Top of RECORDS TO PROCESS

(* Let $\alpha\in(0,1)\cup(1,\infty)$, let $\omega_{ABE}$ be a state on a finite-dimensional $\mathcal{H}_A\otimes\mathcal{H}_B\otimes\mathcal{H}_E$, and let $\sigma_{A_1}$, $\tau_{B_1}$, $\gamma_{E_1}$ be states on finite-dimensional Hilbert spaces. Let $\rho_{AA_1BB_1EE_1}=\omega_{ABE}\otimes\sigma_{A_1}\otimes\tau_{B_1}\otimes\gamma_{E_1}$. Then $$I_\alpha(AA_1;BB_1|EE_1)_\rho=I_\alpha(A;B|E)_\omega.$$
   Context: $\log$ is natural. For a positive semi-definite $M$ and function $f$, $f(M)$ applies $f$ only to nonzero eigenvalues (negative powers are generalized inverses on the support). For a state $\rho_{ABE}$ and $\alpha\in(0,1)\cup(1,\infty)$, the Rényi conditional mutual information is $$I_\alpha(A;B|E)_\rho=\frac{\alpha}{\alpha-1}\log\mathrm{Tr}\Big\{\Big(\rho_E^{(\alpha-1)/2}\,\mathrm{Tr}_A\big\{\rho_{AE}^{(1-\alpha)/2}\rho_{ABE}^{\alpha}\rho_{AE}^{(1-\alpha)/2}\big\}\,\rho_E^{(\alpha-1)/2}\Big)^{1/\alpha}\Big\},$$ with $\rho_{AE},\rho_E$ marginals; for composite systems (e.g. $AA_1$) the same formula applies with the composite system in place of the single one. *)

From HB Require Import structures.
From Stdlib Require Import ClassicalEpsilon.
From mathcomp Require Import all_boot all_order all_algebra.
From mathcomp Require Import complex mxtens.
From mathcomp Require Import reals exp.

Set Implicit Arguments.
Unset Strict Implicit.
Unset Printing Implicit Defensive.

Import Order.TTheory GRing.Theory Num.Theory.
Local Open Scope ring_scope.

Section QInfo.
Variable R : realType.
Local Notation C := R[i].

Definition adj {m n} (M : 'M[C]_(m, n)) : 'M[C]_(n, m) := map_mx (@conjc R) M^T.

Definition unitary {n} (U : 'M[C]_n) : bool := U *m adj U == 1%:M.

Definition psd {n} (M : 'M[C]_n) : Prop :=
  adj M = M /\ forall v : 'cV[C]_n, 0 <= (adj v *m M *m v) 0 0.

Definition is_state {n} (M : 'M[C]_n) : Prop := psd M /\ \tr M = 1.
(* Let $\mathbb{F}$ be a field and $\mathbb{A}$ a countably infinite oligomorphic structure. The following are equivalent: (a) orbit-finitely spanned vector spaces over $\mathbb{A}$ are closed under taking equivariant subspaces (i.e. every equivariant subspace of an orbit-finitely spanned vector space is itself orbit-finitely spanned); (b) for every orbit-finitely spanned vector space $V$ over $\mathbb{A}$, there is no infinite strictly ascending chain of equivariant subspaces of $V$; (c) for every $d \in \{1,2,\dots\}$, the space $\operatorname{Lin}_{\mathbb{F}} \mathbb{A}^d$ has no infinite strictly ascending chain of equivariant subspaces. Furthermore, if these conditions hold, then the orbit-finitely spanned vector spaces over $\mathbb{A}$ are, up to equivariant linear bijections, exactly the quotient spaces $U/W$ where $d \in \{1,2,\dots\}$ and $W \subseteq U$ are equivariant subspaces of $\operatorname{Lin}_{\mathbb{F}}\mathbb{A}^d$.
   Context: A structure $\mathbb{A}$ is oligomorphic if for every $d\ge 1$ the componentwise action of its automorphism group $\operatorname{Aut}(\mathbb{A})$ on $\mathbb{A}^d$ has finitely many orbits. An orbit-finite set over $\mathbb{A}$ is a set obtained from some $\mathbb{A}^d$ by restricting to an $\operatorname{Aut}(\mathbb{A})$-invariant subset $X\subseteq\mathbb{A}^d$ and then quotienting by an $\operatorname{Aut}(\mathbb{A})$-invariant equivalence relation; it carries the induced action of $\operatorname{Aut}(\mathbb{A})$. For a set $X$ with an action of $\operatorname{Aut}(\mathbb{A})$, $\operatorname{Lin}_{\mathbb{F}} X$ is the vector space of finite formal $\mathbb{F}$-linear combinations of elements of $X$, with action $\pi(\sum_i\lambda_i x_i)=\sum_i \lambda_i\pi(x_i)$. An element $v$ of a set with an $\operatorname{Aut}(\mathbb{A})$-action is supported by $S\subseteq\mathbb{A}$ if every automorphism fixing $S$ pointwise fixes $v$. An orbit-finitely spanned vector space over $\mathbb{A}$ is an $\mathbb{F}$-vector space with an action of $\operatorname{Aut}(\mathbb{A})$ by linear maps such that every vector has a finite support and the space is spanned by some $\operatorname{Aut}(\mathbb{A})$-invariant subset which is an orbit-finite set. A subspace is equivariant if it is invariant under the action of $\operatorname{Aut}(\mathbb{A})$. *)

From HB Require Import structures.
From mathcomp Require Import all_boot all_algebra.
From mathcomp Require Import finmap.
From mathcomp Require Import monalg.
(* Let $A,B\in\mathrm{SL}_2\mathbb{Z}_{\ge0}$ be noncommuting, well oriented, with $\mathrm{tr}(A)<\mathrm{tr}(B)$ and $\mathrm{tr}(AB)=\mathrm{tr}(B^2)$. Let $w$ be a word that is empty or ends with $b$, and let $k,h\ge0$. Then $[ab^2wab(ab^2)^kab(ab^2)^hab]<[ab^2w(ab^2)^{k+h+2}]$.
   Context: Words are finite strings over $\{a,b\}$; $\phi$ is the monoid homomorphism with $\phi(a)=A,\phi(b)=B$, and $[w]=\mathrm{tr}(\phi(w))$. Fixed points are for the Möbius action on $\partial\mathcal{H}=\mathbb{P}^1\mathbb{R}$; $\alpha^\pm$ ($\beta^\pm$) are the attracting/repelling fixed points of $A$ ($B$), both equal to the unique fixed point if parabolic. With $\partial\mathcal{H}$ cyclically ordered and $[\alpha,\beta]$ the closed counterclockwise interval from $\alpha$ to $\beta$, let $I^+=\{\alpha^+\}$ if $\alpha^+=\beta^+$, and otherwise the one of $[\alpha^+,\beta^+],[\beta^+,\alpha^+]$ mapped into itself by both $A$ and $B$ (if it exists); define $I^-$ likewise with $A^{-1},B^{-1},\alpha^-,\beta^-$. The pair is coherently oriented if both exist, and well oriented if $A,B$ is coherently oriented but $A,B^{-1}$ is not. *)

From HB Require Import structures.
From mathcomp Require Import all_boot all_order all_algebra.
From mathcomp Require Import Rstruct.
From Stdlib Require Rdefinitions.
Set Implicit Arguments. Unset Strict Implicit. Unset Printing Implicit Defensive.
Import Order.TTheory GRing.Theory Num.Theory.
Local Open Scope ring_scope.

Inductive letter := La | Lb.
Definition word := seq letter.

Definition letter_mx (A B : 'M[int]_2) (l : letter) : 'M[int]_2 :=
  match l with La => A | Lb => B end.

Definition phi (A B : 'M[int]_2) (w : word) : 'M[int]_2 :=
  foldr (fun l M => letter_mx A B l *m M) 1%:M w.

Definition wtr (A B : 'M[int]_2) (w : word) : int := \tr (phi A B w).

Definition wpow (u : word) (n : nat) : word := flatten (nseq n u).

Definition ends_with_b (w : word) : Prop := exists w', w = rcons w' Lb.

Definition SL2Znn (A : 'M[int]_2) : Prop :=
  \det A = 1 /\ forall i j, 0 <= A i j.

(* None stands for the point oo. *)
Definition P1 := option Rdefinitions.R.

Definition mxR (M : 'M[int]_2) (i j : 'I_2) : Rdefinitions.R := (M i j)%:~R.

Definition mob (M : 'M[int]_2) (p : P1) : P1 :=
  let a := mxR M 0 0 in let b := mxR M 0 1 in
  let c := mxR M 1 0 in let d := mxR M 1 1 in
  match p with
  | Some x => if c * x + d == 0 then None else Some ((a * x + b) / (c * x + d))
  | None => if c == 0 then None else Some (a / c)
  end.

Definition fixedpt (M : 'M[int]_2) (p : P1) : Prop := mob M p = p.

(* |(Moebius map)'(p)|^{-1/2}: for a fixed point p = [x:1] this is |cx+d|,
   for p = oo (then c = 0) it is |a|. *)
Definition inv_sqrt_mult (M : 'M[int]_2) (p : P1) : Rdefinitions.R :=
  match p with
  | Some x => `|mxR M 1 0 * x + mxR M 1 1|
  | None => `|mxR M 0 0|
  end.

(* attracting fixed point: derivative of modulus <= 1 (strictly < 1 in the
   hyperbolic case; in the parabolic case the unique fixed point is both
   attracting and repelling, as in the paper's convention). *)
Definition attracting (M : 'M[int]_2) (p : P1) : Prop :=
  fixedpt M p /\ 1 <= inv_sqrt_mult M p.
Definition repelling (M : 'M[int]_2) (p : P1) : Prop :=
  fixedpt M p /\ inv_sqrt_mult M p <= 1.

(* membership of x in the closed counterclockwise interval [al, be] of
   dR H = R u {oo}, oriented as the boundary of the upper half plane
   (i.e. increasingly along R, then through oo). *)
Definition in_ccw (al be x : P1) : Prop :=
  match al, be with
  | Some a, Some b =>
      if a <= b then (exists y, x = Some y /\ a <= y <= b)
      else (x = None \/ exists y, x = Some y /\ (a <= y \/ y <= b))
  | None, Some b => x = None \/ exists y, x = Some y /\ y <= b
  | Some a, None => x = None \/ exists y, x = Some y /\ a <= y
  | None, None => x = None
  end.

Definition invariant_ccw (M : 'M[int]_2) (al be : P1) : Prop :=
  forall x, in_ccw al be x -> in_ccw al be (mob M x).

Definition I_exists (M N : 'M[int]_2) (p q : P1) : Prop :=
  p = q \/
  (invariant_ccw M p q /\ invariant_ccw N p q) \/
  (invariant_ccw M q p /\ invariant_ccw N q p).
Lemma mem_young_crow i j : ((i, j) \in lam) = (j < crow lam i)%N.
Proof.
have [lam_uniq lam_down] := lam_young.
rewrite /crow -size_filter; apply/idP/idP => [ij_lam | ].
  have := @uniq_leq_size _ [seq (i, k) | k <- iota 0 j.+1] [seq p <- lam | p.1 == i].
  rewrite size_map size_iota; apply; first by rewrite map_inj_uniq ?iota_uniq // => x y [].
  move=> p /mapP [k]; rewrite mem_iota add0n => /andP [_ kj] ->.
  by rewrite mem_filter /= eqxx; apply: lam_down ij_lam _ _.
apply: contraTT => ij_lam; rewrite -leqNgt.
have row_lt p : p \in [seq p <- lam | p.1 == i] -> (p.2 < j)%N.
  move: p => [x y]; rewrite mem_filter /= => /andP [/eqP -> xy_lam].
  by rewrite ltnNge; apply: contra ij_lam => jy; apply: lam_down xy_lam _ _.
have := @uniq_leq_size _ (map snd [seq p <- lam | p.1 == i]) (iota 0 j).
rewrite size_map size_iota; apply; last first.
  by move=> y /mapP [p p_row ->]; rewrite mem_iota add0n row_lt.
rewrite map_inj_in_uniq ?filter_uniq // => -[x1 x2] [y1 y2].
by rewrite !mem_filter /= => /andP [/eqP -> _] /andP [/eqP -> _] ->.
Qed.

Lemma young_row_lt_size i j : (i, j) \in lam -> (i < size lam)%N.
Proof.
have [lam_uniq lam_down] := lam_young => ij_lam.
have := @uniq_leq_size _ [seq (k, 0%N) | k <- iota 0 i.+1] lam.
rewrite size_map size_iota; apply; first by rewrite map_inj_uniq ?iota_uniq // => x y [].
move=> p /mapP [k]; rewrite mem_iota add0n => /andP [_ ki] ->.
exact: lam_down ij_lam _ _.
Qed.

Definition row_lengths := mkseq (crow lam) (size lam).

Lemma row_lengths_sorted : sorted geq row_lengths.
Proof.
apply: (homo_sorted (e := leq)); last exact: iota_sorted.
move=> x y xy; rewrite /geq /= leqNgt -mem_young_crow; apply/negP => /(proj2 lam_young).
by move=> /(_ x _ xy (leqnn _)); rewrite mem_young_crow ltnn.
Qed.

Lemma perm_diagram_row_lengths : perm_eq lam (diagram row_lengths).
Proof.
apply: uniq_perm; [exact: (proj1 lam_young) | exact: diagram_uniq |].
move=> [i j]; rewrite mem_diagram size_mkseq.
apply/idP/andP => [ij_lam | [i_lt]]; last by rewrite nth_mkseq // -mem_young_crow.
have i_lt := young_row_lt_size ij_lam.
by rewrite nth_mkseq // -mem_young_crow.
Qed.

Lemma lcol_row_lengths j : lcol lam j = col_length row_lengths j.
Proof. by rewrite -count_col_diagram; move/permP: perm_diagram_row_lengths; apply. Qed.

Lemma crow_row_lengths p :
  p \in diagram row_lengths -> crow lam p.1 = nth 0%N row_lengths p.1.
Proof.
by case: p => i j; rewrite mem_diagram size_mkseq => /andP [i_lt _]; rewrite nth_mkseq.
Qed.

End YoungDiagram.

Lemma sorted_geq_all_le (c : nat) (s : seq nat) :
  sorted geq (c :: s) -> all (fun x => x <= c)%N s.
Proof. exact: order_path_min (fun y x z h1 h2 => leq_trans h2 h1). Qed.

Section HookGeneratingFunction.
Variable F : fieldType.

Definition diagram_gf (t q : F) s := \sum_(p <- diagram s) t ^+ p.1 * q ^+ p.2.

Lemma diagram_gf_cons t q c s :
  diagram_gf t q (c :: s) = \sum_(0 <= j < c) q ^+ j + t * diagram_gf t q s.
Proof.
rewrite /diagram_gf /= big_cat /= !big_map mulr_sumr; congr (_ + _).
  by apply: eq_bigr => j _; rewrite mul1r.
by apply: eq_bigr => p _; rewrite exprS mulrA.
Qed.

Bottom of RECORDS TO PROCESS

For each line of the entries that includes "leqNgt", show that line.

WRITTEN SOLUTION:
apply: contraTT => ij_lam; rewrite -leqNgt.
move=> x y xy; rewrite /geq /= leqNgt -mem_young_crow; apply/negP => /(proj2 lam_young).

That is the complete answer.